# [R] R: Optimization

From: Simone Vincenzi <svincenz_at_nemo.unipr.it>
Date: Wed 06 Sep 2006 - 00:10:34 EST

Thanks for the help.
I thought about taking the logarithms of the expression but to cope with the problem of zero values both in yield and the values of the environmental variables another transformation is needed (I simply add one to the yield value and to the environmental variables values). I follow the suggestion kindly provided by Spencer Graves but I found the following problems, which depend probably on my understanding:
1) I don't understand why it is needed to test the no-constant model (which provides a better fitting of the model). Can I simply assume a no-constant model?
2) Here comes the big problem. I don't understand what it is done with the models fit.0 and fit.1. In both cases I have to leave out one variable from the linear model but I don't understand why in this way I would test the constraint that all the coefficients should sum to 1. And it is not possible to apply anova(fit0,fit.0) and anova(fit1,fit.1) because I have different response variables.

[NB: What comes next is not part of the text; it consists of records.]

Lemma mcoeff_relabel_inj (m : T -> T) v u : injective m ->
  (malg_ext (relabel m) v)@_(m u) = v@_u.
Proof.
move=> m_inj; rewrite mcoeff_relabel (eq_bigl (pred1 u)) => [|k]; last first.
  exact: inj_eq.
have [uv|uv] := boolP (u \in msupp v).
  by rewrite -big_filter filter_pred1_uniq ?fset_uniq // big_seq1.
by rewrite (mcoeff_outdom uv) big1 // => k /eqP->; exact: mcoeff_outdom.
Qed.

Lemma mcoeff_relabel_notin (m : T -> T) v u : (forall k, m k != u) ->
  (malg_ext (relabel m) v)@_u = 0.
Proof. by move=> mu; rewrite mcoeff_relabel big_pred0 // => k; exact/negbTE. Qed.

End MalgBasisMaps.

Section BasisOperators.
Variables (K : fieldType) (T : choiceType).
Local Notation V := {malg K[T]}.
Local Notation Op := (T -> V).

Definition opbr (A B : Op) : Op := fun w => malg_ext A (B w) - malg_ext B (A w).

Lemma malg_ext_opbr (A B : Op) v :
  malg_ext (opbr A B) v = malg_ext A (malg_ext B v) - malg_ext B (malg_ext A v).
Proof. by rewrite malg_ext_funB !malg_ext_comp. Qed.

Lemma opbr_lie : is_lie_bracket opbr.
Proof.
split.
- move=> a A B C; apply/funext => w; rewrite /opbr /= malg_ext_funP linearP.
  by rewrite scalerBr opprD addrACA.
- move=> a A B C; apply/funext => w; rewrite /opbr /= malg_ext_funP linearP.
  by rewrite scalerBr opprD addrACA.
- by move=> A; apply/funext => w; rewrite /opbr subrr.
move=> A B C; apply/funext => w.
have expand X Y Z : opbr X (opbr Y Z) w =
    malg_ext X (malg_ext Y (Z w)) - malg_ext X (malg_ext Z (Y w))
    - (malg_ext Y (malg_ext Z (X w)) - malg_ext Z (malg_ext Y (X w))).
  by rewrite {1}/opbr malg_ext_opbr -(linearB (malg_ext X)).
have jacobi6 (a b c d e f : V) :
    a - b - (c - d) + (c - e - (f - b)) + (f - d - (a - e)) = 0.
  rewrite !opprB !addrA.
  rewrite (@GRing.add V).[ACl ((1*12)*(2*7)*(3*10)*(4*5)*(6*11)*(8*9))] /=.
  by rewrite !(addrN, addNr, addr0).
change (opbr A (opbr B C) w + opbr B (opbr C A) w + opbr C (opbr A B) w = 0).
by rewrite !expand jacobi6.
Qed.

End BasisOperators.

Section Words.
Variables (K : fieldType) (A : choiceType).
Local Notation word := (seq A).
Local Notation V := {malg K[word]}.
Local Notation Op := (word -> V).

Definition pre (l : A) : Op := relabel K (cons l).
Definition app (l : A) : Op := relabel K (rcons^~ l).

Definition nilfree (v : V) := v@_[::] = 0.
Definition nilfree_op (F : Op) := forall w, nilfree (F w).
Definition commute_app (l : A) (F : Op) :=
  forall w, F (rcons w l) = malg_ext (app l) (F w).

Lemma malg_ext_nilfree (F : Op) v : nilfree_op F -> nilfree (malg_ext F v).
Proof.
by move=> F0; rewrite /nilfree mcoeff_malg_ext big1 // => k _; rewrite F0 mulr0.
Qed.

Lemma pre_nilfree l : nilfree_op (pre l).
Proof. by move=> w; rewrite /nilfree mcoeffU. Qed.

Lemma nilfree_op_lie_closed : lie_closed (@opbr K _) nilfree_op.
Proof.
split=> [w|a F G F0 G0 w|F G F0 G0 w]; rewrite /nilfree ?mcoeff0 //.
  by change ((a *: F w + G w)@_[::] = 0); rewrite mcoeffD mcoeffZ F0 G0 mulr0 addr0.
by rewrite /opbr mcoeffB !malg_ext_nilfree // subrr.
Qed.

Lemma commute_app_ext l (F : Op) v : commute_app l F ->
  malg_ext F (malg_ext (app l) v) = malg_ext (app l) (malg_ext F v).
Proof.
move=> Fl; rewrite !malg_ext_comp; congr malg_ext; apply/funext => w /=.
by rewrite /app /relabel malg_extU Fl.
Qed.

Lemma commute_app_pre l l' : commute_app l (pre l').
Proof. by move=> w; rewrite /pre /relabel malg_extU. Qed.

Lemma commute_app_lie_closed l : lie_closed (@opbr K _) (commute_app l).
Proof.
split=> [w|a F G Fl Gl w|F G Fl Gl w] /=; first by rewrite linear0.
  change (a *: F (rcons w l) + G (rcons w l) = malg_ext (app l) (a *: F w + G w)).
  by rewrite Fl Gl linearP.
by rewrite /opbr Fl Gl !commute_app_ext // linearB.
Qed.

(* The coefficient of [a :: w] in [v] is that of [rcons (a :: w) l] in
   [v * l = l * v], which is [0] as soon as [l != a]. *)
Lemma nilfree_commute2_eq0 (l1 l2 : A) v : l1 != l2 -> nilfree v ->
  malg_ext (pre l1) v = malg_ext (app l1) v ->
  malg_ext (pre l2) v = malg_ext (app l2) v -> v = 0.
Proof.
move=> l12 v0 e1 e2; apply/malgP => -[|a w]; rewrite mcoeff0 //.
have [l [la el]] : exists l, l != a /\ malg_ext (pre l) v = malg_ext (app l) v.
  by case: (eqVneq l1 a) => [<-|]; [exists l2; rewrite eq_sym | exists l1].
rewrite -(mcoeff_relabel_inj v (a :: w) (rcons_injl l)) -/(app l) -el rcons_cons.
by rewrite mcoeff_relabel_notin // => k; apply: contra la => /eqP[->].
Qed.

End Words.

Arguments pre_nilfree {K A} l.
Arguments commute_app_pre {K A} l l'.

Section WordRepresentation.
Variables (K : fieldType) (g : nat) (i0 : 'I_g).

Definition letter := (bool * 'I_g)%type.
Definition xl k : letter := (false, k).
Definition yl k : letter := (true, k).
Local Notation V := {malg K[seq letter]}.
Local Notation Op := (seq letter -> V).

Definition xy_cross (w : seq letter) : V :=
  \sum_(k < g | k != i0) (<< [:: xl k, yl k & w] >> - << [:: yl k, xl k & w] >>).

(* Left multiplication by [xl i0], corrected on words starting with [yl i0]
   so that the relation [\sum_k [xop k, yop k] = 0] holds. *)
Fixpoint xop0 (w : seq letter) : V :=
  if w is l :: w' then
    if l == yl i0 then malg_ext (pre K (yl i0)) (xop0 w') - xy_cross w'
    else << xl i0 :: l :: w' >>
  else << [:: xl i0] >>.

Definition xop k : Op := if k == i0 then xop0 else pre K (xl k).
Definition yop k : Op := pre K (yl k).

Lemma word_rep_relation : \sum_(k < g) opbr (xop k) (yop k) = 0.
Proof.
apply/funext => w; rewrite fct_sumE (bigD1 i0) //= /opbr /xop /yop.
rewrite eqxx malg_extU /= eqxx.
rewrite [_ - _ - _]addrAC subrr add0r addrC; apply/eqP; rewrite subr_eq0; apply/eqP.
by apply: eq_bigr => k /negPf->; rewrite !malg_extU.
Qed.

In conclusion, I don't actually know how to proceed and if in R this kind of analysis is possible.
Any help and any further explanation would be very appreciated. Below I report part of the data frame I'm using for the analysis. The environmental variables (Salinity, Hydrodynamism, Sediment, Oxygen, Chlorophyll and Bathymetry) values have been transformed using suitability function (and thus are bounded between 0 and 1) while Yield is in kg/m2.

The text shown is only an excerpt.